- Born: December 18, 1869
- Died: December 4, 1951 (aged 81)
- Known for: Painting

= Georgia Weston Morgan =

American painter

Georgia Weston Morgan (December 18, 1869 - December 4, 1951) was an American painter.

== Early life ==
Born in Campbell County, Virginia, Morgan was the daughter of Robert Withers Morgan and grew up at the family estate, Centerview, in Lynchburg.

In the 1890s she taught art in the local public schools before in 1895 beginning more formal study in Lynchburg with Bernhard Gutmann. She continued her lessons with Louise Jordan Smith.

In the 1910s and 1920s, She continued living at Centerview with her mother; according to family tradition she used the dependency behind the house as a studio during this time. In 1923, she and her mother's other heirs sold the house out of the family.

== Professional life ==
An alumna of Randolph-Macon Woman's College, she traveled to Paris for study at the Académie Julian. She began her teaching career as an art instructor at Lynchburg College in 1906. She chaired the art department at the same institution from 1915 until 1945; during which time she traveled to Philadelphia and Gloucester, Massachusetts for further study.

Active in civic affairs, Morgan was among the founders of the Lynchburg Civic Art League in 1932; four years later she was among those who worked to establish the Federal Art Gallery in the city, a project of the Works Progress Administration. She also served in other capacities locally, including a stint as vice-president of the Lynchburg Historical Society from 1933 until 1936.

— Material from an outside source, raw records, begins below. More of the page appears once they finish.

Lemma Rpower_succ_step_pos q m : 0 < q -> (1 <= m)%nat ->
  Rpower (INR (S m)) (q - 1) <= Rpower 2 q / q * (Rpower (INR (S m)) q - Rpower (INR m) q).
Proof.
  intros Hq Hm. pose proof (INR_ge_1 m Hm) as Hx.
  assert (Hy : 0 < INR (S m)) by (apply INR_pos; lia).
  pose proof (Rpower_sub_ge (INR m) (INR (S m)) q) as Htangent.
  pose proof (ln_succ_sub_ge m Hm) as Hln.
  assert (Hratio : Rpower (INR (S m)) q <= Rpower 2 q * Rpower (INR m) q).
  { rewrite <- (Rabs_right q) at 2 by lra.
    apply Rpower_le_of_ratio; rewrite ?S_INR in *; lra. }
  set (A := Rpower (INR m) q) in *. set (B := Rpower (INR (S m)) q) in *.
  set (W := Rpower 2 q) in *.
  assert (HA : 0 < A) by apply Rpower_pos. assert (HW : 0 < W) by apply Rpower_pos.
  assert (Hstep : A * q / INR (S m) <= B - A).
  { eapply Rle_trans; [| exact Htangent]. unfold Rdiv.
    rewrite Rmult_assoc. apply Rmult_le_compat_l; [lra |]. apply Rmult_le_compat_l; lra. }
  rewrite Rpower_sub_1 by exact Hy. fold B.
  apply Rle_trans with (W * A / INR (S m)).
  - unfold Rdiv. apply Rmult_le_compat_r; [left; apply Rinv_0_lt_compat |]; lra.
  - replace (W * A / INR (S m)) with (W / q * (A * q / INR (S m))) by (field; lra).
    apply Rmult_le_compat_l; [apply Rlt_le, Rdiv_lt_0_compat |]; lra.
Qed.

Lemma Rpower_succ_step_neg r m : 0 < r -> (1 <= m)%nat ->
  Rpower (INR (S m)) (- r - 1) <= (Rpower (INR m) (- r) - Rpower (INR (S m)) (- r)) / r.
Proof.
  intros Hr Hm. pose proof (INR_pos m Hm) as Hx.
  assert (Hy : 0 < INR (S m)) by (apply INR_pos; lia).
  pose proof (Rpower_sub_ge (INR (S m)) (INR m) (- r)) as Htangent.
  pose proof (ln_succ_sub_ge m Hm) as Hln.
  set (A := Rpower (INR (S m)) (- r)) in *. set (B := Rpower (INR m) (- r)) in *.
  assert (HA : 0 < A) by apply Rpower_pos.
  assert (Hstep : A * r / INR (S m) <= B - A).
  { eapply Rle_trans; [| exact Htangent].
    replace (- r * (ln (INR m) - ln (INR (S m)))) with (r * (ln (INR (S m)) - ln (INR m))) by ring.
    unfold Rdiv. rewrite Rmult_assoc. apply Rmult_le_compat_l; [lra |].
    apply Rmult_le_compat_l; lra. }
  rewrite Rpower_sub_1 by exact Hy. fold A.
  apply (Rmult_le_reg_l r); [exact Hr |].
  replace (r * ((B - A) / r)) with (B - A) by (field; lra).
  replace (r * (A / INR (S m))) with (A * r / INR (S m)) by (field; lra).
  exact Hstep.
Qed.

Lemma sum_Rpower_le q N : 0 < q ->
  sum_n (fun k => Rpower (INR (S k)) (q - 1)) N <= (1 + Rpower 2 q / q) * Rpower (INR (S N)) q.
Proof.
  intros Hq.
  assert (Hc : 0 < Rpower 2 q / q) by (apply Rdiv_lt_0_compat; [apply Rpower_pos | lra]).
  assert (Htel : sum_n (fun k => Rpower (INR (S k)) (q - 1)) N
                 <= 1 + Rpower 2 q / q * (Rpower (INR (S N)) q - 1)).
  { induction N as [| N IH].
    - rewrite sum_O. replace (INR 1) with 1 by reflexivity. rewrite !Rpower_1_base. lra.
    - rewrite sum_n_succ. pose proof (Rpower_succ_step_pos q (S N) Hq ltac:(lia)). lra. }
  assert (H1 : 1 <= Rpower (INR (S N)) q).
  { rewrite <- (Rpower_1_base q). apply Rle_Rpower_l; [lra |].
    rewrite S_INR. pose proof (pos_INR N). lra. }
  nra.
Qed.

Lemma sum_Rpower_tail_le r n j : 0 < r -> (1 <= n)%nat ->
  sum_n (fun k => Rpower (INR (S (n + k))) (- r - 1)) j <= Rpower (INR n) (- r) / r.
Proof.
  intros Hr Hn.
  assert (Htel : sum_n (fun k => Rpower (INR (S (n + k))) (- r - 1)) j
                 <= (Rpower (INR n) (- r) - Rpower (INR (S (n + j))) (- r)) / r).
  { induction j as [| j IH].
    - rewrite sum_O, Nat.add_0_r. apply Rpower_succ_step_neg; assumption.
    - rewrite sum_n_succ, Nat.add_succ_r.
      pose proof (Rpower_succ_step_neg r (S (n + j)) Hr ltac:(lia)).
      replace ((Rpower (INR n) (- r) - Rpower (INR (S (S (n + j)))) (- r)) / r) with
        ((Rpower (INR n) (- r) - Rpower (INR (S (n + j))) (- r)) / r
         + (Rpower (INR (S (n + j))) (- r) - Rpower (INR (S (S (n + j)))) (- r)) / r)
        by (field; lra).
      lra. }
  eapply Rle_trans; [exact Htel |]. unfold Rdiv.
  apply Rmult_le_compat_r; [left; apply Rinv_0_lt_compat; exact Hr |].
  pose proof (Rpower_pos (INR (S (n + j))) (- r)). lra.
Qed.

Lemma ln_le_harmonic N : ln (INR (S (S N))) <= sum_n (fun k => / INR (S k)) N.
Proof.
  induction N as [| N IH].
  - rewrite sum_O. pose proof (ln_succ_sub_le 1 (le_n 1)).
    replace (INR 1) with 1 in * by reflexivity. rewrite ln_1 in *. lra.
  - rewrite sum_n_succ. pose proof (ln_succ_sub_le (S (S N)) ltac:(lia)). lra.
Qed.

Lemma Hkernel_pos lambda mu nu m n : 0 < Hkernel lambda mu nu m n.
Proof.
  unfold Hkernel. apply Rdiv_lt_0_compat; [apply Rmult_lt_0_compat |]; apply Rpower_pos.
Qed.

Lemma Hkernel_le_head lambda mu nu m n : 0 <= lambda -> (1 <= n)%nat ->
  Hkernel lambda mu nu m n <= Rpower (INR n) (nu - lambda) * Rpower (INR m) mu.
Proof.
  intros Hl Hn. pose proof (INR_pos n Hn).
  assert (Hle : Rpower (INR n) lambda <= Rpower (INR (m + n)) lambda).
  { apply Rle_Rpower_l; [exact Hl |]. rewrite plus_INR. pose proof (pos_INR m). lra. }
  pose proof (Rpower_pos (INR n) lambda).
  unfold Hkernel. rewrite Rpower_sub.
  replace (Rpower (INR n) nu / Rpower (INR n) lambda * Rpower (INR m) mu)
    with (Rpower (INR m) mu * Rpower (INR n) nu / Rpower (INR n) lambda) by (field; lra).
  unfold Rdiv. apply Rmult_le_compat_l.
  - apply Rmult_le_pos; left; apply Rpower_pos.
  - apply Rinv_le_contravar; assumption.
Qed.

Lemma Hkernel_le_tail lambda mu nu m n : 0 <= lambda -> (1 <= m)%nat ->
  Hkernel lambda mu nu m n <= Rpower (INR n) nu * Rpower (INR m) (mu - lambda).
Proof.
  intros Hl Hm. pose proof (INR_pos m Hm).
  assert (Hle : Rpower (INR m) lambda <= Rpower (INR (m + n)) lambda).
  { apply Rle_Rpower_l; [exact Hl |]. rewrite plus_INR. pose proof (pos_INR n). lra. }
  pose proof (Rpower_pos (INR m) lambda).
  unfold Hkernel. rewrite Rpower_sub.
  replace (Rpower (INR n) nu * (Rpower (INR m) mu / Rpower (INR m) lambda))
    with (Rpower (INR m) mu * Rpower (INR n) nu / Rpower (INR m) lambda) by (field; lra).
  unfold Rdiv. apply Rmult_le_compat_l.
  - apply Rmult_le_pos; left; apply Rpower_pos.
  - apply Rinv_le_contravar; assumption.
Qed.

Lemma Hkernel_ge_near_diagonal lambda mu nu m n : (1 <= n)%nat -> (n <= m <= 2 * n)%nat ->
  Rpower (INR n) (mu + nu - lambda) / (Rpower 2 (Rabs mu) * Rpower 3 (Rabs lambda))
  <= Hkernel lambda mu nu m n.
Proof.
  intros Hn [Hnm Hm2n]. pose proof (INR_pos n Hn) as HnR.
  apply le_INR in Hnm. apply le_INR in Hm2n. rewrite mult_INR in Hm2n. simpl (INR 2) in Hm2n.
  assert (Hmu : Rpower (INR n) mu <= Rpower 2 (Rabs mu) * Rpower (INR m) mu)
    by (apply Rpower_le_of_ratio; lra).
  assert (Hlambda : Rpower (INR (m + n)) lambda <= Rpower 3 (Rabs lambda) * Rpower (INR n) lambda)
    by (apply Rpower_le_of_ratio; rewrite ?plus_INR; lra).
  unfold Hkernel. rewrite Rpower_sub, Rpower_plus.
  set (A := Rpower (INR m) mu) in *. set (N := Rpower (INR n) mu) in *.
  set (V := Rpower (INR n) nu). set (L := Rpower (INR n) lambda) in *.
  set (D := Rpower (INR (m + n)) lambda) in *.
  set (W := Rpower 2 (Rabs mu)) in *. set (T := Rpower 3 (Rabs lambda)) in *.
  assert (0 < A) by apply Rpower_pos. assert (0 < V) by apply Rpower_pos.
  assert (0 < L) by apply Rpower_pos. assert (0 < D) by apply Rpower_pos.
  assert (0 < W) by apply Rpower_pos. assert (0 < T) by apply Rpower_pos.
  replace (N * V / L / (W * T)) with ((N / W) * V / (T * L)) by (field; lra).
  unfold Rdiv. apply Rmult_le_compat.
  - apply Rmult_le_pos; [apply Rmult_le_pos |]; left;
      [apply Rpower_pos | apply Rinv_0_lt_compat |]; lra.
  - left; apply Rinv_0_lt_compat; nra.
  - apply Rmult_le_compat_r; [lra |].
    apply (Rmult_le_reg_l W); [lra |]. replace (W * (N * / W)) with N by (field; lra). lra.
  - apply Rinv_le_contravar; lra.
Qed.

Lemma Hkernel_ge_first_row lambda mu nu k : 0 < mu + 1 -> lambda <= mu + 1 ->
  / Rpower 2 (mu + 1) * / INR (S k) <= Hkernel lambda mu nu (S k) 1.
Proof.
  intros Hmu Hl. pose proof (INR_ge_1 (S k) ltac:(lia)) as Hk.
  assert (Hk2 : INR (S k + 1) = INR (S k) + 1) by (rewrite plus_INR; reflexivity).
  assert (Hexp : Rpower (INR (S k + 1)) lambda <= Rpower (INR (S k + 1)) (mu + 1))
    by (apply Rle_Rpower; [rewrite Hk2 |]; lra).
  assert (Hratio : Rpower (INR (S k + 1)) (mu + 1)
                   <= Rpower 2 (mu + 1) * Rpower (INR (S k)) (mu + 1)).
  { rewrite <- (Rabs_right (mu + 1)) at 2 by lra. apply Rpower_le_of_ratio; rewrite ?Hk2; lra. }
  unfold Hkernel. replace (INR 1) with 1 by reflexivity. rewrite Rpower_1_base, Rmult_1_r.
  rewrite (Rpower_plus mu 1 (INR (S k))), (Rpower_1 (INR (S k))) in Hratio by lra.
  set (A := Rpower (INR (S k)) mu) in *. set (W := Rpower 2 (mu + 1)) in *.
  assert (0 < A) by apply Rpower_pos. assert (0 < W) by apply Rpower_pos.
  pose proof (Rpower_pos (INR (S k + 1)) lambda).
  replace (/ W * / INR (S k)) with (A / (W * (A * INR (S k)))) by (field; lra).
  unfold Rdiv. apply Rmult_le_compat_l; [lra |]. apply Rinv_le_contravar; lra.
Qed.

Definition row_sum (lambda mu nu : R) (n N : nat) : R :=
  sum_n (fun k => Hkernel lambda mu nu (S k) n) N.

Definition row_sums_bounded (lambda mu nu : R) : Prop :=
  exists C, forall n N, (1 <= n)%nat -> row_sum lambda mu nu n N <= C.

Lemma H_bounded_linf_iff_row_sums_bounded lambda mu nu :
  H_bounded_linf lambda mu nu <-> row_sums_bounded lambda mu nu.
Proof.
  set (t n k := Hkernel lambda mu nu (S k) n).
  assert (Ht : forall n k, 0 <= t n k) by (intros; left; apply Hkernel_pos).
  split.
  - intros [C HC]. exists C. intros n N Hn.
    destruct (HC (fun _ => 1) 1 ltac:(intros; cbv beta; rewrite Rabs_R1; lra) n Hn) as [Hex Hle].
    assert (Hterm1 : forall k, Hterm lambda mu nu (fun _ => 1) n k = t n k)
      by (intros; unfold Hterm, t; ring).
    rewrite Rmult_1_r in Hle. unfold row_sum. fold (t n).
    rewrite <- (sum_n_ext _ _ N Hterm1).
    eapply Rle_trans; [| exact (Rle_trans _ _ _ (Rle_abs _) Hle)].
    apply sum_n_le_Series; [intros k; rewrite Hterm1; apply Ht | exact Hex].
  - intros [C HC]. exists C. intros a M Ha n Hn.
    destruct (Series_nonneg_bounded (t n) C (Ht n) (fun N => HC n N Hn)) as [Hex Hle].
    assert (HM : 0 <= M) by (pose proof (Ha 1%nat (le_n 1)); pose proof (Rabs_pos (a 1%nat)); lra).
    assert (Hdom : forall k, Rabs (Hterm lambda mu nu a n k) <= t n k * M).
    { intros k. unfold Hterm. rewrite Rabs_mult, Rabs_right by (apply Rle_ge, Ht).
      apply Rmult_le_compat_l; [apply Ht | apply Ha; lia]. }
    assert (HexM : ex_series (fun k => t n k * M)) by (apply ex_series_scal_r, Hex).
    assert (Hexabs : ex_series (fun k => Rabs (Hterm lambda mu nu a n k))).
    { apply (@ex_series_le R_AbsRing R_CompleteNormedModule _ (fun k => t n k * M)); [| exact HexM].
      intros k. change (Rabs (Rabs (Hterm lambda mu nu a n k)) <= t n k * M).
      rewrite Rabs_Rabsolu. apply Hdom. }
    split; [apply ex_series_Rabs, Hexabs |].
    eapply Rle_trans; [apply Series_Rabs, Hexabs |].
    eapply Rle_trans.
    { apply (Series_le _ (fun k => t n k * M)); [| exact HexM].
      intros k. split; [apply Rabs_pos | apply Hdom]. }
    rewrite Series_scal_r. apply Rmult_le_compat_r; assumption.
Qed.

During her career, Morgan was elected to the National Association of Women Painters and Sculptors. As an artist she produced mainly miniatures and landscapes, which she showed in galleries along the East Coast and at the Paris Salon. She had a reputation as a "Bohemian" for much of her life; one student recalled how she could frequently be found covered in paint, and it was noted that she kept her brushes in her hair to ensure she would remember where they were.

== Recognition ==
After her death, she was memorialized in the local press as the "Dean of Lynchburg Artists". She is buried at Lynchburg's Spring Hill Cemetery. A historical marker in Morgan's honor, in front of Centerview, was sponsored by Randolph College and erected under the auspices of the Virginia Department of Historic Resources in 2015; another marker in honor of her father was erected adjacent to it at the same time. In 2018 the Virginia Capitol Foundation announced that Morgan's name would be on the Virginia Women's Monument's glass Wall of Honor.